# Credit Union Mortgage



## MsQ (18 May 2013)

Advice sought please because I cant find any info out there on mortgaged CU loans in arrears or advice for people the wrong side of 55.

Our CU loan (for a start up business a few years ago) is secured by land on which our small family business is located.
Its over 100k and for the last two years payments have been halved, but now it isnt clearing the debt by more than a few thousand per year.
biggest worry is at the 8.5% rate of interest charged doubt we'll have it paid back before retirement. cant sell the land as our business isnt one that can relocate.
The business is our only source of income, and its just surviving, but the loan is personal and the rate seems to be the same as if it were a 'normal' size unsecured loan. 

if we ask the CU to look at reducing or freezing  the interest rate on such a big debt are they likely to help? 
 As the CU loan is secured, its equally worrying as paying the mortgage on our house. in fact more so, because if they repossess we'd have no income to pay the house mortgage either. At our age getting another job in rural ireland is unlikely.
 We dont have a pension plan and will only get a basic state pension so it has to be paid before then. 

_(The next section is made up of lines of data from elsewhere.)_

Lemma sbprod_pexp_congr p S j m n : prime p -> (0 < S)%N -> (0 < m)%N ->
  ~~ (p %| m)%N || ~~ (p %| n)%N ->
  ((p ^ (logn p (m + n) + j).+1)%:Z %|
     sbprod S (p ^ j.+1 * m) (p ^ j.+1 * n) - sbprod S (p ^ j * m) (p ^ j * n))%Z.
Proof.
move=> p_pr S_gt0 m_gt0 ndvd_mn.
set e := logn p (m + n); set M := (p ^ j * m)%N; set N := (p ^ j * n)%N.
have M_gt0 : (0 < M)%N by rewrite muln_gt0 expn_gt0 prime_gt0.
have dvd_e : (p ^ e %| bprod S M N)%N.
  by apply: bprod_pexp_dvd => //; apply: pfactor_dvd_bprod.
have := @bprod_pmul_congr p S M N e j p_pr S_gt0 M_gt0 (dvdn_mulr _ (dvdnn _))
  (dvdn_mulr _ (dvdnn _)) dvd_e.
rewrite -addnS !expnS -!mulnA -/M -/N /sbprod -mulnDr -mulnA.
set k := ((M + N) * S)%N; rewrite -signr_odd oddM => congr_e.
have [p_eq2|p_odd] := even_prime p_pr; last first.
  by rewrite p_odd /= signr_odd -mulrBr dvdz_mull.
(* For p = 2 the two signs differ only when 2^j (m + n) S is odd, that is when j = 0 and
   e = 0; then divisibility by 2 is all that is needed. *)
subst p; rewrite /= expr0 mul1r in congr_e *.
have [k_odd|k_even] := boolP (odd k); last by rewrite -signr_odd (negbTE k_even) mul1r.
have /andP[/andP[pj_odd mn_odd] _] : (odd (2 ^ j) && odd (m + n)) && odd S.
  by move: k_odd; rewrite /k /M /N -mulnDr !oddM.
have j0 : j = 0%N by move: pj_odd; rewrite oddX orbF => /eqP.
have e0 : e = 0%N by rewrite /e logn_coprime // prime_coprime // dvdn2 mn_odd.
subst j; rewrite e0 -signr_odd k_odd mulN1r opprK /= in congr_e *.
set B1 := (bprod S (2 * M) (2 * N))%:Z; set B := (bprod S M N)%:Z.
have -> : B1 + B = B1 - B + B *+ 2 by rewrite mulr2n addrA subrK.
by rewrite rpredD // -mulr_natl dvdz_mulr.
Qed.

Lemma dvdz_sum_moebius_sbprod S g a b :
  (0 < S)%N -> (0 < g)%N -> (0 < a)%N -> coprime a b ->
  ((g * (a + b))%:Z %|
     \sum_(d <- divisors g) moebius d * sbprod S (g %/ d * a) (g %/ d * b))%Z.
Proof.
move=> S_gt0 g_gt0 a_gt0 co_ab.
have gab_gt0 : (0 < g * (a + b))%N by rewrite muln_gt0 g_gt0 addn_gt0 a_gt0.
rewrite dvdzE /=; apply/(dvdn_partP _ gab_gt0) => p; rewrite mem_primes => /and3P[p_pr _ _].
rewrite p_part lognM ?addn_gt0 ?a_gt0 // addnC.
set e := logn p (a + b).
have ndvd_ab : ~~ (p %| a)%N || ~~ (p %| b)%N.
  by rewrite -negb_and -dvdn_gcd (eqP co_ab) Euclid_dvd1.
have logn_mul c : (0 < c)%N -> ~~ (p %| c)%N -> logn p (c * a + c * b) = e.
  move=> c_gt0 ndvd_pc.
  by rewrite -mulnDr lognM ?addn_gt0 ?a_gt0 // logn_coprime ?prime_coprime.
have ndvd_mul c : ~~ (p %| c)%N -> ~~ (p %| c * a)%N || ~~ (p %| c * b)%N.
  by move=> ndvd_pc; rewrite !Euclid_dvdM // (negbTE ndvd_pc).
suff : ((p ^ (e + logn p g))%:Z %| \sum_(d <- divisors g)
           moebius d * sbprod S (g %/ d * a) (g %/ d * b))%Z by [].
apply: (dvdz_sum_moebius (fun k => sbprod S (k * a) (k * b))) => // k.
  move=> /(dvdn_gt0 g_gt0) k_gt0 ndvd_pk; rewrite -(logn_mul k) //.
  by apply: pfactor_dvd_sbprod; rewrite ?muln_gt0 ?k_gt0 ?ndvd_mul.
move=> /(dvdn_gt0 g_gt0); rewrite muln_gt0 => /andP[_ k_gt0].
have [c co_pc def_k] := pfactor_coprime p_pr k_gt0.
have c_gt0 : (0 < c)%N by move: k_gt0; rewrite def_k muln_gt0 => /andP[].
have ndvd_pc : ~~ (p %| c)%N by rewrite -prime_coprime.
have scale x : (k * x = p ^ logn p k * (c * x))%N by rewrite {1}def_k; ring.
have pscale x : (p * k * x = p ^ (logn p k).+1 * (c * x))%N.
  by rewrite -mulnA scale expnS mulnA.
rewrite -(logn_mul c) // !pscale !scale.
by apply: sbprod_pexp_congr; rewrite ?muln_gt0 ?c_gt0 ?ndvd_mul.
Qed.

we also have credit card debt of 20k at even worse interest. we dont know who to pay first in this situation.
Has anyone any advice? Should we default on the credit cards to pay more to the CU?
like so many other posters, I cant sleep anymore for worrying about this.


----------



## RichInSpirit (18 May 2013)

I asked for zero interest on a large CU debt and eventually got it.
You may be helping them out by being on zero interest because your loan is getting paid back much quicker. Improving their books much quicker.
Maybe write them a letter pointing that out.


----------



## MsQ (19 May 2013)

Thanks for your reply. Can I ask, was your CU loan mortgaged?


----------



## RichInSpirit (19 May 2013)

No it was just unsecured debt that had built up over years, (of being able to borrow to support unprofitable activities). 

I wasn't even servicing all the interest on mine in the end, and I had to do something.
I'm now paying a (relatively)  small amount on it weekly, and I can see the debt reducing.

And everybody seems reasonably happy.


----------



## Brendan Burgess (20 May 2013)

Hi Ms Q

To get meaningful commentary, you should complete the Standard Format for people in arrears. 

http://www.askaboutmoney.com/showthread.php?t=170704

Brendan


----------